Он внимательно смотрел на Робера своими чуть увлажненными, как у всех близоруких, прекрасными глазами, которые почти не портила краснота, тронувшая веки.
— Это первая и последняя попытка счастья, рай, о котором мечтают больные, причал свободы, правда, сомнительной чистоты, зато бесценной. Мы знаем, что это место нездорово. Там подпольно торгуют спиртным. Но никакие жалобы и протесты не помогают. Иногда бистро закрывают на неделю-другую, потом все начинается сызнова…
— Точь-в-точь как бистро в гарнизонных городках.
Исполнявшаяся шарманкой музыка, рассчитанная на бордели, где отдыхают гусары и артиллеристы, служила прекрасным аккомпанементом рассказу о Счастливой звезде.
— Да, что-то в этом роде. Существует особый замкнутый мирок, скажем, психиатрическая больница. Мир за пределами мира, для одних — ад, вполне вероятно, а для других — пристанище, убежище. В чем вы сейчас и убедились. За его стенами — подлинная жизнь. Та, которую называют «подлинной». А между этими двумя мирами — разные связующие звенья, одно из которых — наше открытое отделение, где мы с вами сейчас находимся и где больные остаются по доброй воле.
— И тем не менее оно запирается.
— Что ж тут удивительного? Конечно, запирается. Это ведь не пивной бар: захотел — вошел, захотел — вышел. Здесь тоже больные, но, в отличие от других, они признают, что не случайно попали сюда.
— А как же… ну тот, самоубийца? — спросил Робер. — Ван Вельде?
Он без труда вспомнил имя.
— Ван Вельде здесь не останется.
Этот коротышка Эгпарс уже опять стоял против парня, который оправлял на себе одежду, не спуская умоляющего взгляда с врача. Видимо, слова доктора дошли наконец до его сознания и вызвали в нем смятение.
Он быстро-быстро заговорил. Оливье перевел:
— Приблизительно так: «Не надо меня отсюда выставлять, доктор. Если вы меня прогоните, я лягу у ограды и буду лежать. Так и знайте, доктор».
— В общем, чтобы не жить, у вас хватает воли, — с чуть заметным раздражением произнес Оливье и пожал плечами.
Оркестр ударил в медные тарелки и звучными аккордами завершил свое выступление, вернув слушателей к временам веселых карнавалов и напомнив Роберу его детство, ярмарки на Иль-де-Франс, оркестры-автоматы.

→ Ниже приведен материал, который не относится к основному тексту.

Lemma regroup_hom_sum (l : seq (degT g * V)) :
  all (fun p => p.2 \in H p.1) l ->
  exists s (f : degT g -> V), [/\ uniq s, forall k, f k \in H k,
    forall k, k \notin s -> f k = 0, {subset s <= map fst l}
    & \sum_(p <- l) p.2 = \sum_(k <- s) f k].
Proof.
elim: l => [|[k x] l IHl] /=.
  move=> _; exists [::], (fun=> 0); split=> //; first by move=> k; apply: subspace0.
  by rewrite !big_nil.
case/andP=> Hx /IHl [s [f [s_uniq Hf f_out s_sub sum_l]]].
pose f' j := if j == k then x + f k else f j.
have Hf' j : f' j \in H j by rewrite /f'; case: eqP => [->|_] //; apply: subspaceD.
have [ks|ks] := boolP (k \in s).
- exists s, f'; split=> //.
  + move=> j js; rewrite /f'; case: eqP => [ejk|_]; last exact: f_out.
    by move: js; rewrite ejk ks.
  + by move=> j /s_sub; rewrite inE => ->; rewrite orbT.
  rewrite big_cons /= sum_l !(bigD1_seq k ks s_uniq) /= /f' eqxx addrA.
  by congr (_ + _); apply: eq_bigr => j /negPf ->.
- exists (k :: s), f'; split=> //.
  + by rewrite /= ks.
  + by move=> j; rewrite inE negb_or => /andP[/negPf jk js]; rewrite /f' jk f_out.
  + by move=> j; rewrite !inE => /orP[->|/s_sub ->]; rewrite ?orbT.
  rewrite !big_cons /= sum_l /f' eqxx (f_out k ks) addr0; congr (_ + _).
  by apply: eq_big_seq => j js; case: eqP => // ejk; rewrite -ejk js in ks.
Qed.

Definition parity_span (b : bool) (v : V) := exists l : seq (degT g * V),
  all (fun p => (p.2 \in H p.1) && (par p.1 == b)) l /\ v = \sum_(p <- l) p.2.

Lemma parity_span0 b : parity_span b 0.
Proof. by exists [::]; rewrite big_nil. Qed.

Lemma parity_spanZD b c u v :
  parity_span b u -> parity_span b v -> parity_span b (c *: u + v).
Proof.
move=> [lu [Hlu ->]] [lv [Hlv ->]].
exists (map (fun p => (p.1, c *: p.2)) lu ++ lv); split.
  rewrite all_cat Hlv andbT all_map; apply/allP => p /(allP Hlu) /andP[Hp bp].
  by rewrite /= bp andbT subspaceZ.
by rewrite big_cat big_map scaler_sumr.
Qed.

Lemma parity_spanB b u v :
  parity_span b u -> parity_span b v -> parity_span b (u - v).
Proof. by move=> Su Sv; rewrite addrC -scaleN1r; apply: parity_spanZD. Qed.

Lemma parity_span_hom k v : v \in H k -> parity_span (par k) v.
Proof. by move=> Hv; exists [:: (k, v)]; rewrite /= Hv eqxx big_seq1. Qed.

Lemma parity_span_regroup b v : parity_span b v ->
  exists s (f : degT g -> V), [/\ uniq s, forall k, f k \in H k,
    forall k, k \in s -> par k = b & v = \sum_(k <- s) f k].
Proof.
move=> [l [Hl ->]].
have Hl' : all (fun p => p.2 \in H p.1) l by apply/allP => p /(allP Hl) /andP[].
have [s [f [s_uniq Hf _ s_sub ->]]] := regroup_hom_sum Hl'.
exists s, f; split=> // k /s_sub /mapP[p /(allP Hl) /andP[_ /eqP <-] ->] //.
Qed.

End HomogeneousSums.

Слова Эгпарса не давали Роберу покоя, они по-новому осветили минувшие образы детства, вызванные к жизни музыкой. Он вспомнил, что на Иль-де-Франс были такие же больницы — Виль-Эврар и Мезон-Бланш, неподалеку от Гурней-сюр-Марн. Он вспомнил, что мальчиком часто ездил с родителями на сто тринадцатом автобусе и на остановке Виль-Эврар выходили люди «не такие, как все», и еще санитары, повара, родственники, спешившие на свидание к больным, о которых они рассказывали удивительные, почти неправдоподобные истории. «А мой, только вообразите, вот уже целую неделю не узнает меня. И зовет меня просто „мадам“. До чего мерзкая болезнь: чтобы сын не узнавал родной матери!» И маленький Робер пытался представить себе больного ребенка, который не узнает свою мать. «Если бы я заболел, — думал он, — я бы все-таки узнал свою маму».